The five students in the final rounds were Atia Amin, Megan Bruns, Chandra Karki, Shahzahan Mia and Kulatheepan Thanabalasingam.


USD's College of Arts & Sciences offers students a top-notch undergraduate liberal arts education in the humanities, social sciences and sciences as well as graduate programs that have earned USD distinction as a research university by the Carnegie Foundation. The college's more than 22,000 alumni include famous journalists, Hollywood screenwriters, novelists, a Nobel Prize winner, South Dakota governors, attorneys, physicians, justices of the state Supreme Court, distinguished university faculty and international humanitarians.

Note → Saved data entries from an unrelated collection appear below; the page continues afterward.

Lemma form_proj_off x :
  form G (x *m proj_off) (x *m proj_off) = form G x x + form G x t1 ^+ 2 + form G x t2 ^+ 2.
Proof.
have [o1 o2] := form_proj_off_orth x.
rewrite {1}mul_proj_off !formDl !formZl (form_sym _ _ sG) o1 (form_sym _ _ sG) o2.
by rewrite mul_proj_off !formDr !formZr; ring.
Qed.

Lemma pos_def_proj_off m (W : 'M_(m, n)) : row_free W -> pos_def_on G W ->
  row_free (W *m proj_off) /\ pos_def_on G (W *m proj_off).
Proof.
move=> fW posW.
have posWQ (v : 'rV_m) : v != 0 -> 0 < form G (v *m W *m proj_off) (v *m W *m proj_off).
  move=> v0; have vW0 : v *m W != 0 by rewrite mulmx_free_eq0.
  have := posW _ (submxMl v W) vW0; rewrite form_proj_off.
  by have := sqr_ge0 (form G (v *m W) t1); have := sqr_ge0 (form G (v *m W) t2); lra.
split.
  apply: inj_row_free => v; rewrite mulmxA => vWQ0; apply: contraTeq isT => v0.
  by have := posWQ v v0; rewrite vWQ0 form0l ltxx.
move=> x /submxP [v ->] x0; rewrite mulmxA posWQ //.
by apply: contraNneq x0 => ->; rewrite !mul0mx.
Qed.

Lemma sub_proj_off_orth m (W : 'M_(m, n)) x : (x <= W *m proj_off)%MS ->
  form G t1 x = 0 /\ form G t2 x = 0.
Proof. by move=> /submxP [v ->]; rewrite mulmxA; apply: form_proj_off_orth. Qed.

End ProjectionOff.

Definition orthonormal_frame (R : realType) n (G : 'M[R]_n) (t1 t2 s1 s2 : 'rV[R]_n) :=
  [/\ [/\ form G t1 t1 = -1, form G t2 t2 = -1, form G s1 s1 = 1 & form G s2 s2 = 1],
      [/\ form G t1 t2 = 0, form G t1 s1 = 0 & form G t1 s2 = 0] &
      [/\ form G t2 s1 = 0, form G t2 s2 = 0 & form G s1 s2 = 0]].

Lemma orthonormal_frame_exists (R : realType) n (G : 'M[R]_n) p q : G^T = G ->
  (1 < p)%N -> (1 < q)%N -> has_signature G p q ->
  exists t1 t2 s1 s2, orthonormal_frame G t1 t2 s1 s2.
Proof.
move=> sG p_gt1 q_gt1 [_ [U [fU negU]] _ [W [fW posW]] _].
have sNG : (- G)^T = - G by rewrite linearN /= sG.
have posNU : pos_def_on (- G) U by apply/pos_def_onN.
have [t1 [t2 []]] := pos_def_frame sNG p_gt1 fU posNU; rewrite !formN.
move=> /eqP; rewrite eqr_oppLR => /eqP t11 /eqP; rewrite eqr_oppLR => /eqP t22.
move=> /eqP; rewrite oppr_eq0 => /eqP t12 _ _.
have [fWQ posWQ] := pos_def_proj_off sG t11 t22 t12 fW posW.
have orthWQ := sub_proj_off_orth sG t11 t22 t12.
have [s1 [s2 [s11 s22 s12 /orthWQ [t1s1 t2s1] /orthWQ [t1s2 t2s2]]]] :=
  pos_def_frame sG q_gt1 fWQ posWQ.
by exists t1, t2, s1, s2; split; split.
Qed.

Section Examples.
Variables (R : realType) (n : nat) (G : 'M[R]_n) (t1 t2 s1 s2 : 'rV[R]_n).
Hypotheses (sG : G^T = G) (uG : G \in unitmx) (frame : orthonormal_frame G t1 t2 s1 s2).

Let frameE : (((form G t1 t1 = -1) * (form G t2 t2 = -1) * (form G s1 s1 = 1)
    * (form G s2 s2 = 1)) * ((form G t1 t2 = 0) * (form G t1 s1 = 0) * (form G t1 s2 = 0)
    * (form G t2 s1 = 0) * (form G t2 s2 = 0) * (form G s1 s2 = 0))
    * ((form G t2 t1 = 0) * (form G s1 t1 = 0) * (form G s2 t1 = 0)
    * (form G s1 t2 = 0) * (form G s2 t2 = 0) * (form G s2 s1 = 0)))%type.
Proof.
have fsym x y := form_sym x y sG.
case: frame => -[e11 e22 e33 e44] [e12 e13 e14] [e23 e24 e34].
rewrite (fsym t2 t1) (fsym s1 t1) (fsym s2 t1) (fsym s1 t2) (fsym s2 t2) (fsym s2 s1).
by rewrite e11 e22 e33 e44 e12 e13 e14 e23 e24 e34.
Qed.

Local Ltac frame_lra :=
  rewrite ?(formDl, formDr, formZl, formZr, frameE);
  lazymatch goal with |- is_true (_ != _) => apply/eqP => ?; lra | _ => lra end.

Local Ltac not_in_plane z1 z2 :=
  apply/plane_mx_subP => -[a [b kE]];
  have := congr1 (form G ^~ z1) kE; have := congr1 (form G ^~ z2) kE; rewrite /=; frame_lra.

Lemma curv_perp_timelike :
  [/\ is_ACT (curv_perp t1), spacelike_rank G (curv_perp t1) 2,
      ~ const_timelike_rank G (curv_perp t1) & ~ const_mixed_rank G (curv_perp t1)].
Proof.
have t1_neq0 : t1 != 0 by apply: (form_neq0l (G := G) (y := t1)); frame_lra.
split; first exact: curv_perp_ACT.
- by apply: (spacelike_rank_curv_perp sG uG) => //; frame_lra.
- apply: (curv_perp_not_const sG uG (E0 := plane_mx t1 t2)
    (E1 := plane_mx t2 (2%:R *: t1 + s1))).
  + exact: plane_mx_row0.
  + by apply: (has_signature_plane_neg sG); frame_lra.
  + by apply: (has_signature_plane_neg sG); frame_lra.
  + by not_in_plane t1 s1.
- apply: (curv_perp_not_const sG uG (E0 := plane_mx t1 s1) (E1 := plane_mx t2 s1)).
  + exact: plane_mx_row0.
  + by apply: (has_signature_plane11 sG (a := 1) (b := 0) (c := 0) (d := 1)); frame_lra.
  + by apply: (has_signature_plane11 sG (a := 1) (b := 0) (c := 0) (d := 1)); frame_lra.
  + by not_in_plane t1 s1.
Qed.

Lemma curv_perp_spacelike :
  [/\ is_ACT (curv_perp s1), timelike_rank G (curv_perp s1) 2,
      ~ const_spacelike_rank G (curv_perp s1) & ~ const_mixed_rank G (curv_perp s1)].
Proof.
have s1_neq0 : s1 != 0 by apply: (form_neq0l (G := G) (y := s1)); frame_lra.
split; first exact: curv_perp_ACT.
- by apply: (timelike_rank_curv_perp sG uG) => //; frame_lra.
- apply: (curv_perp_not_const sG uG (E0 := plane_mx s1 s2)
    (E1 := plane_mx s2 (2%:R *: s1 + t1))).
  + exact: plane_mx_row0.
  + by apply: (has_signature_plane_pos sG); frame_lra.
  + by apply: (has_signature_plane_pos sG); frame_lra.
  + by not_in_plane s1 t1.
- apply: (curv_perp_not_const sG uG (E0 := plane_mx s1 t1) (E1 := plane_mx t2 s2)).
  + exact: plane_mx_row0.
  + by apply: (has_signature_plane11 sG (a := 0) (b := 1) (c := 1) (d := 0)); frame_lra.
  + by apply: (has_signature_plane11 sG (a := 1) (b := 0) (c := 0) (d := 1)); frame_lra.
  + by not_in_plane s1 t1.
Qed.

Lemma curv_perp_null :
  [/\ is_ACT (curv_perp (t1 + s1)), spacelike_rank G (curv_perp (t1 + s1)) 2,
      timelike_rank G (curv_perp (t1 + s1)) 2 & ~ const_mixed_rank G (curv_perp (t1 + s1))].
Proof.
have t1s1_neq0 : t1 + s1 != 0 by apply: (form_neq0l (G := G) (y := t1)); frame_lra.
split; first exact: curv_perp_ACT.
- by apply: (spacelike_rank_curv_perp sG uG) => //; frame_lra.
- by apply: (timelike_rank_curv_perp sG uG) => //; frame_lra.
- apply: (curv_perp_not_const sG uG (E0 := plane_mx (t1 + s1) t1) (E1 := plane_mx t2 s1)).
  + exact: plane_mx_row0.
  + by apply: (has_signature_plane11 sG (a := 0) (b := 1) (c := 1) (d := (-1))); frame_lra.
  + by apply: (has_signature_plane11 sG (a := 1) (b := 0) (c := 0) (d := 1)); frame_lra.
  + by not_in_plane t1 s1.
Qed.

Founded in 1862 and the first university in the Dakotas, the University of South Dakota is the only public liberal arts university in the state, with 202 undergraduate and 84 graduate programs in the College of Arts & Sciences, School of Education, Knudson School of Law, Sanford School of Medicine, School of Health Sciences, Beacom School of Business and College of Fine Arts. With an enrollment of nearly 10,000 students and more than 400 faculty, USD has a 16:1 student/faculty ratio, and it ranks among the best in academics and affordability. USD’s 18 athletic programs compete at the NCAA Division I level.